Employee Creativity at Work when Coping with Life Trauma: The Importance of Organizational Practices
Professor Feirong Yuan discusses the impacts of creativity at work and answers questions about her paper, “Sensemaking and Creativity at Work When Employees are Coping with Traumatic Life Experiences: Implications for Positive Organizational Change,” published in The Journal of Applied Behavioral Science.
What motivated you to pursue this research?
The initial motivation for this research stems from my own experience of a traumatic event in personal life. I was fortunate to have received social support from several colleagues which made it possible for me to sustain the motivation and ability to continue writing and research. This experience inspired me to research conditions that can lead individuals to continue demonstrating creativity at work when they are coping with traumatic incidents in a different area of life. I was also motivated to pursue this research because I observed examples of other professionals who remained resilient and continued to produce creative work when they were coping with life traumas. For example, many doctors, nurses, teachers, and other professionals came up with innovative solutions to help patients, students, and the public during the Covid-19 pandemic.
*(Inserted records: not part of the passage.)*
Lemma refine_root_ptyping G T e' :
  refine_root CT (EAbs G T) e' -> ptyping G e' T.
Proof.
move=> root; inversion root; subst.
- exact: PT_Var.
- by apply: PT_Assign; [apply: PT_Abs | apply: PT_Abs | ].
- by apply: PT_Field; [apply: PT_Abs | | ].
- by apply: PT_Call; [apply: PT_Abs | apply: ptypings_EAbs | ..].
- by apply: PT_New; [eassumption .. | apply: ptypings_EAbs].
- by apply: PT_Sub (PT_Abs _ _) _.
- by apply: PT_SecProm (PT_Abs _ _) _.
- exact/PT_Prom/PT_Abs.
Qed.

Lemma refine_root_EAbs e e' : refine_root CT e e' -> exists G T, e = EAbs G T.
Proof. by case; eauto. Qed.

Lemma refine_step_EAbs G T e' :
  refine_step CT (EAbs G T) e' -> refine_root CT (EAbs G T) e'.
Proof. by move=> step; inversion step. Qed.

Lemma refine_step_EVar x e' : ~ refine_step CT (EVar L x) e'.
Proof.
move=> step; inversion step as [? ? root | | | | | |].
by case/refine_root_EAbs: root => ? [].
Qed.

Lemma refine_step_EField e f e' :
  refine_step CT (EField e f) e' ->
  exists2 e1, refine_step CT e e1 & e' = EField e1 f.
Proof.
move=> step; inversion step as [? ? root | | | | | |]; last by eauto.
by case/refine_root_EAbs: root => ? [].
Qed.

Lemma refine_step_EAssign e0 f e1 e' :
  refine_step CT (EAssign e0 f e1) e' ->
  (exists2 e0', refine_step CT e0 e0' & e' = EAssign e0' f e1) \/
  (exists2 e1', refine_step CT e1 e1' & e' = EAssign e0 f e1').
Proof.
move=> step; inversion step as [? ? root | | | | | |]; [| by eauto ..].
by case/refine_root_EAbs: root => ? [].
Qed.

Lemma refine_step_ECall e0 m es e' :
  refine_step CT (ECall e0 m es) e' ->
  (exists2 e0', refine_step CT e0 e0' & e' = ECall e0' m es) \/
  (exists2 es', list_step (refine_step CT) es es' & e' = ECall e0 m es').
Proof.
move=> step; inversion step as [? ? root | | | | | |]; subst; [| by eauto |].
  by case/refine_root_EAbs: root => ? [].
by right; eexists; first by apply: list_step_app; eassumption.
Qed.
Lemma Tc_budget_iff : R0 + net_energy a k (q * l) Tc Tc >= 0 <-> l <= c'.
Proof.
  set (z := 1 + R0 / (k * Tc)).
  assert (Hz : 0 < z).
  { assert (0 <= R0 / (k * Tc))
      by (unfold Rdiv; apply Rmult_le_pos; [lra | left; apply Rinv_0_lt_compat; nra]).
    unfold z; lra. }
  assert (HR0 : R0 = k * Tc * (z - 1)) by (unfold z; field; lra).
  assert (Hlog : l <= c' <-> q * l / Tc <= ln z).
  { assert (Hdiff : c' - l = (ln z - q * l / Tc) * (Tc / q))
      by (rewrite Hc'; unfold z; field; lra).
    assert (0 < Tc / q) by (apply Rdiv_lt_0_compat; lra).
    split; intros; nra. }
  rewrite Hlog, <- exp_le_exp_iff, exp_ln by assumption.
  unfold net_energy. rewrite HR0.
  assert (HkTc : 0 < k * Tc) by nra.
  replace (k * Tc * (z - 1) + (a * (Tc - Tc) - k * Tc * (exp (q * l / Tc) - 1)))
    with (k * Tc * (z - exp (q * l / Tc))) by ring.
  split; intros H.
  - apply Rmult_le_reg_l with (k * Tc); [assumption | lra].
  - apply Rle_ge, Rmult_le_pos; lra.
Qed.

Lemma threshold_identity : a * Tc + K = y * c.
Proof.
  replace a with (k + k * w * exp (w + 1)) by lra.
  rewrite HK, Hy, Hc. field. lra.
Qed.

Lemma threshold_lt_of_Tc_budget :
  Tc < q * l / (1 + w) -> R0 + net_energy a k (q * l) Tc Tc >= 0 -> K < R0.
Proof.
  intros Ht0 Hbudget.
  assert (Hu : w + 1 < q * l / Tc).
  { apply Rmult_lt_reg_r with Tc; [assumption|].
    apply Rmult_lt_compat_r with (r := 1 + w) in Ht0; [|lra].
    replace (q * l / (1 + w) * (1 + w)) with (q * l) in Ht0 by (field; lra).
    replace (q * l / Tc * Tc) with (q * l) by (field; lra). nra. }
  apply exp_increasing in Hu.
  unfold net_energy in Hbudget. replace (Tc - Tc) with 0 in Hbudget by ring.
  assert (k * Tc * exp (w + 1) < k * Tc * exp (q * l / Tc))
    by (apply Rmult_lt_compat_l; [nra | assumption]).
  rewrite HK. lra.
Qed.

Theorem net_energy_problem_solution :
  ((R0 <= K /\ l <= (a * Tc + R0) / y) \/ (R0 > K /\ l < c) ->
     strict_maximizer (net_feasible a k (q * l) Tc R0) (net_energy a k (q * l) Tc)
       (q * l / (1 + w)) /\
     net_energy a k (q * l) Tc (q * l / (1 + w)) = a * Tc - y * l) /\
  (R0 > K /\ c <= l <= c' ->
     strict_maximizer (net_feasible a k (q * l) Tc R0) (net_energy a k (q * l) Tc) Tc) /\
  (forall t, net_feasible a k (q * l) Tc R0 t ->
     ((R0 <= K /\ l <= (a * Tc + R0) / y) \/ (R0 > K /\ l < c)) \/
     (R0 > K /\ c <= l <= c')).
Proof.
  pose proof threshold_identity as Hthr.
  pose proof stationary_le_Tc_iff as Hle. pose proof stationary_lt_Tc_iff as Hlt.
  pose proof stationary_budget_iff as Hbud. pose proof net_energy_stationary_eq as Hval.
  split; [|split].
  - intros Hcase. split; [|exact Hval].
    assert (Hopt : q * l / (1 + w) <= Tc /\
                   R0 + net_energy a k (q * l) Tc (q * l / (1 + w)) >= 0).
    { rewrite Hval. destruct Hcase as [[HRK Hl0] | [HRK Hlc]].
      - apply Hbud in Hl0. rewrite Hval in Hl0.
        split; [|assumption]. apply Hle, Rmult_le_reg_l with y; [assumption | lra].
      - split; [left; now apply Hlt|].
        apply Rmult_lt_compat_l with (r := y) in Hlc; [lra | assumption]. }
    destruct Hopt. apply strict_maximizer_stationary; assumption.
  - intros [HRK [Hcl Hlc']].
    assert (Ht0 : Tc <= q * l / (1 + w)).
    { destruct (Rle_or_lt Tc (q * l / (1 + w))) as [|Hgt]; [assumption|].
      apply Hlt in Hgt. lra. }
    apply Tc_budget_iff in Hlc'.
    apply strict_maximizer_Tc with w; assumption.
  - intros t Ht.
    destruct (net_feasible_cases a k (q * l) Tc R0 w Hk Hm Hw Hstat t Ht)
      as [[Ht0 Hb0] | [Ht0 HbT]].
    + apply Hle in Ht0.
      destruct (Rle_or_lt R0 K) as [HRK|HRK]; [left; left; split; [|apply Hbud]; assumption|].
      destruct Ht0 as [Hlc | Hlc]; [left; right; split; assumption|].
      right. split; [assumption | split; [lra|]].
      assert (Heq : q * l / (1 + w) = Tc) by (rewrite Hlc, Hc; field; lra).
      rewrite Heq in Hb0. now apply Tc_budget_iff.
    + right. split; [now apply threshold_lt_of_Tc_budget|].
      split; [|now apply Tc_budget_iff].
      destruct (Rle_or_lt c l) as [|Hlc]; [assumption|]. apply Hlt in Hlc. lra.
Qed.

End ThresholdConditions.

Lemma P8_obj_eq_net_energy ups Pb h Tc s2 B l t :
  P8_obj ups Pb h Tc s2 B l t = net_energy (ups * Pb * h) (s2 / h) (ln 2 / B * l) Tc t.
Proof.
  unfold P8_obj, E_MPT, E_off, net_energy, Rpower.
  replace (l / (B * t) * ln 2) with (ln 2 / B * l / t)
    by (unfold Rdiv; rewrite Rinv_mult; ring).
  ring.
Qed.

Lemma P8_feasible_iff ups Pb h Tc s2 B R0 l t :
  P8_feasible ups Pb h Tc s2 B R0 l t <->
  net_feasible (ups * Pb * h) (s2 / h) (ln 2 / B * l) Tc R0 t.
Proof.
  unfold P8_feasible, net_feasible. rewrite <- P8_obj_eq_net_energy.
  unfold P8_obj. split; intros [Ht Hb]; split; lra.
Qed.

Lemma P8_unique_optimal ups Pb h Tc s2 B R0 l x :
  strict_maximizer (net_feasible (ups * Pb * h) (s2 / h) (ln 2 / B * l) Tc R0)
    (net_energy (ups * Pb * h) (s2 / h) (ln 2 / B * l) Tc) x ->
  P8_optimal ups Pb h Tc s2 B R0 l x /\
  forall t, P8_optimal ups Pb h Tc s2 B R0 l t -> t = x.
Proof.
  intros [Hx Hstrict]. unfold P8_optimal.
  setoid_rewrite P8_feasible_iff. setoid_rewrite P8_obj_eq_net_energy.
  split; [split; [assumption|]|].
  - intros s Hs. destruct (Req_dec s x) as [-> | Hne]; [lra|].
    left. now apply Hstrict.
  - intros t [Ht Hmax]. destruct (Req_dec t x) as [|Hne]; [assumption|].
    specialize (Hstrict t Ht Hne). specialize (Hmax x Hx). lra.
Qed.

Theorem corollary3 (ups Pb h Tc s2 B R0 l : R)
  (Hups : 0 < ups <= 1) (HPb : 0 < Pb) (Hh : 0 < h) (HTc : 0 < Tc)
  (Hs2 : 0 < s2) (HB : 0 < B) (HR : 0 <= R0) (Hl : 0 < l) :
  let w := LambertW0 (ups * Pb * h ^ 2 / (s2 * exp 1) - / exp 1) in
  let rho := ln 2 / (B * (1 + w)) in
  let y := s2 * ln 2 / (B * h) * exp (w + 1) in
  let c := Tc * B * (1 + w) / ln 2 in
  let c' := B * Tc * log2 (1 + R0 * h / (s2 * Tc)) in
  let K := B * Tc * y / ln 2 - s2 / h * Tc in
  let case1 := (R0 <= K /\ l <= (ups * Pb * h * Tc + R0) / y) \/ (R0 > K /\ l < c) in
  let case2 := R0 > K /\ c <= l <= c' in
  (* (1) *)
  (case1 ->
     P8_optimal ups Pb h Tc s2 B R0 l (rho * l) /\
     (forall t, P8_optimal ups Pb h Tc s2 B R0 l t -> t = rho * l) /\
     P8_obj ups Pb h Tc s2 B l (rho * l) = ups * Pb * h * Tc - y * l) /\
  (* (2) *)
  (case2 ->
     P8_optimal ups Pb h Tc s2 B R0 l Tc /\
     (forall t, P8_optimal ups Pb h Tc s2 B R0 l t -> t = Tc) /\
     P8_obj ups Pb h Tc s2 B l Tc = - (Rpower 2 (l / (B * Tc)) - 1) * (s2 / h) * Tc) /\
  (* (3) *)
  (~ case1 -> ~ case2 -> forall t, ~ P8_feasible ups Pb h Tc s2 B R0 l t).
Proof.
  intros w rho y c c' K case1 case2.
  assert (Hln2 : 0 < ln 2) by (rewrite <- ln_1; apply ln_increasing; lra).
  assert (Hk : 0 < s2 / h) by (apply Rdiv_lt_0_compat; lra).
  assert (Hq : 0 < ln 2 / B) by (apply Rdiv_lt_0_compat; lra).
  destruct (LambertW0_stationary (ups * Pb * h) (s2 / h)
              (ups * Pb * h ^ 2 / (s2 * exp 1) - / exp 1)) as [Hw Hstat];
    [repeat apply Rmult_lt_0_compat; lra | assumption | pose proof (exp_pos 1); field; lra |].
  fold w in Hw, Hstat.
  assert (Hy : y = s2 / h * (ln 2 / B) * exp (w + 1)) by (unfold y; field; lra).
  assert (Hc : c = Tc * (1 + w) / (ln 2 / B)) by (unfold c; field; lra).
  assert (Hc' : c' = Tc * ln (1 + R0 / (s2 / h * Tc)) / (ln 2 / B)).
  { unfold c', log2. replace (R0 * h / (s2 * Tc)) with (R0 / (s2 / h * Tc)) by (field; lra).
    field. lra. }
  assert (HK : K = s2 / h * Tc * (exp (w + 1) - 1)) by (unfold K; rewrite Hy; field; lra).
  destruct (net_energy_problem_solution (ups * Pb * h) (s2 / h) (ln 2 / B) Tc R0 l w y c c' K
              Hk Hq HTc HR Hl Hw Hstat Hy Hc Hc' HK) as [Case1 [Case2 Cases]].
  split; [|split].
  - intros H1. destruct (Case1 H1) as [Hmax Hval].
    replace (rho * l) with (ln 2 / B * l / (1 + w)) by (unfold rho; field; lra).
    destruct (P8_unique_optimal _ _ _ _ _ _ _ _ _ Hmax) as [Hopt Huniq].
    refine (conj Hopt (conj Huniq _)). now rewrite P8_obj_eq_net_energy.
  - intros H2. destruct (P8_unique_optimal _ _ _ _ _ _ _ _ _ (Case2 H2)) as [Hopt Huniq].
    refine (conj Hopt (conj Huniq _)). unfold P8_obj, E_MPT, E_off. ring.
  - intros N1 N2 t Ht. apply P8_feasible_iff in Ht.
    destruct (Cases t Ht) as [H | H]; [apply N1 | apply N2]; exact H.
Qed.
(* Let $F$ be a field of characteristic two and let $(A,\sigma)$ be a totally decomposable central simple $F$-algebra with orthogonal involution. If $\alpha+\sum_{i=1}^m\sigma(x_i)x_i\in\mathrm{Alt}(A,\sigma)$ for some $\alpha\in F$ and $x_1,\dots,x_m\in A$, then $\alpha\in Q(\mathfrak{Pf}(A,\sigma))$.
   Context: Involutions are of the first kind. $(A,\sigma)$ is totally decomposable if $(A,\sigma)\simeq\bigotimes_{i=1}^n(Q_i,\sigma_i)$ with quaternion $F$-algebras with involution. $\mathrm{Alt}(A,\sigma)=\{\sigma(x)-x\mid x\in A\}$. The Pfister invariant $\mathfrak{Pf}(A,\sigma)$ is the bilinear Pfister form $\langle\!\langle\alpha_1,\dots,\alpha_n\rangle\!\rangle=\langle1,\alpha_1\rangle\otimes\cdots\otimes\langle1,\alpha_n\rangle$, where $\alpha_i\in F^\times$ represents $\mathrm{disc}\,\sigma_i\in F^\times/F^{\times2}$ (independent of the decomposition up to isometry). For a symmetric bilinear form $\mathfrak b$ on $V$, $Q(\mathfrak b)=\{\mathfrak b(v,v)\mid 0\ne v\in V\}\cup\{0\}$. *)

From HB Require Import structures.
From mathcomp Require Import all_boot all_order all_algebra all_field.
Set Implicit Arguments. Unset Strict Implicit. Unset Printing Implicit Defensive.
Import GRing.Theory.
Local Open Scope ring_scope.

Section Defs.
Variables (F : fieldType) (A : falgType F).

Definition is_involution (sigma : A -> A) : Prop :=
  [/\ forall (k : F) (x y : A), sigma (k *: x + y) = k *: sigma x + sigma y,
      forall x y : A, sigma (x * y) = sigma y * sigma x
    & forall x : A, sigma (sigma x) = x].

Definition Alt (sigma : A -> A) (y : A) : Prop := exists x : A, y = sigma x - x.

(* Characteristic two: an involution is symplectic iff 1 \in Alt(A,sigma)
   (KMRT, Prop. 2.6); orthogonal = not symplectic. *)
Definition orthogonal_inv (sigma : A -> A) : Prop := ~ Alt sigma 1.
Were there any specific external events—political, social, or economic—that influenced your decision to pursue this research?
The prolonged experience of the COVID-19 pandemic and several other traumatizing social-economic situations further strengthened my decision to pursue this research. Because traumatic conditions such as these can last a long time, it is important for organizations to understand how to support their employees in these life situations. I believe that businesses and organizations can play a part in helping their employees respond to these events in a constructive way, and they can also learn from the many great insights employees may bring to work because of these life experiences. Given the widespread impact of these traumatic incidents, understanding these positive organizational practices should be important for all organizations.
In what ways is your research innovative, and how do you think it will impact the field?
This research calls attention to workplace creativity as a possible constructive response when individuals are coping with traumatic life situations. The psychological processes and individual and social conditions examined in this paper provide directions for future studies to test specific mechanisms that can support these responses.
Another innovative aspect of this research is its emphasis on organizational practices. This focus is relatively new and I hope that it can encourage researchers and business managers to think about resilience and extraordinary creative performance during trauma as a socially embedded phenomenon rather than the acts of a few unique individuals.
This research is also innovative in that it examines the implications of this type of creativity for individual and organizational development. In addition to the possibility of leading to innovative products and services, this type of creativity can also exert a positive and long-term impact on employees’ development of a resilient self-concept and an organization’s development of a constructive social discourse on resilience and creativity.
I hope that the framework outlined in this paper can help organizational leaders find some directions to support, respect, and empower their organizational members when they are coping with traumatic life situations.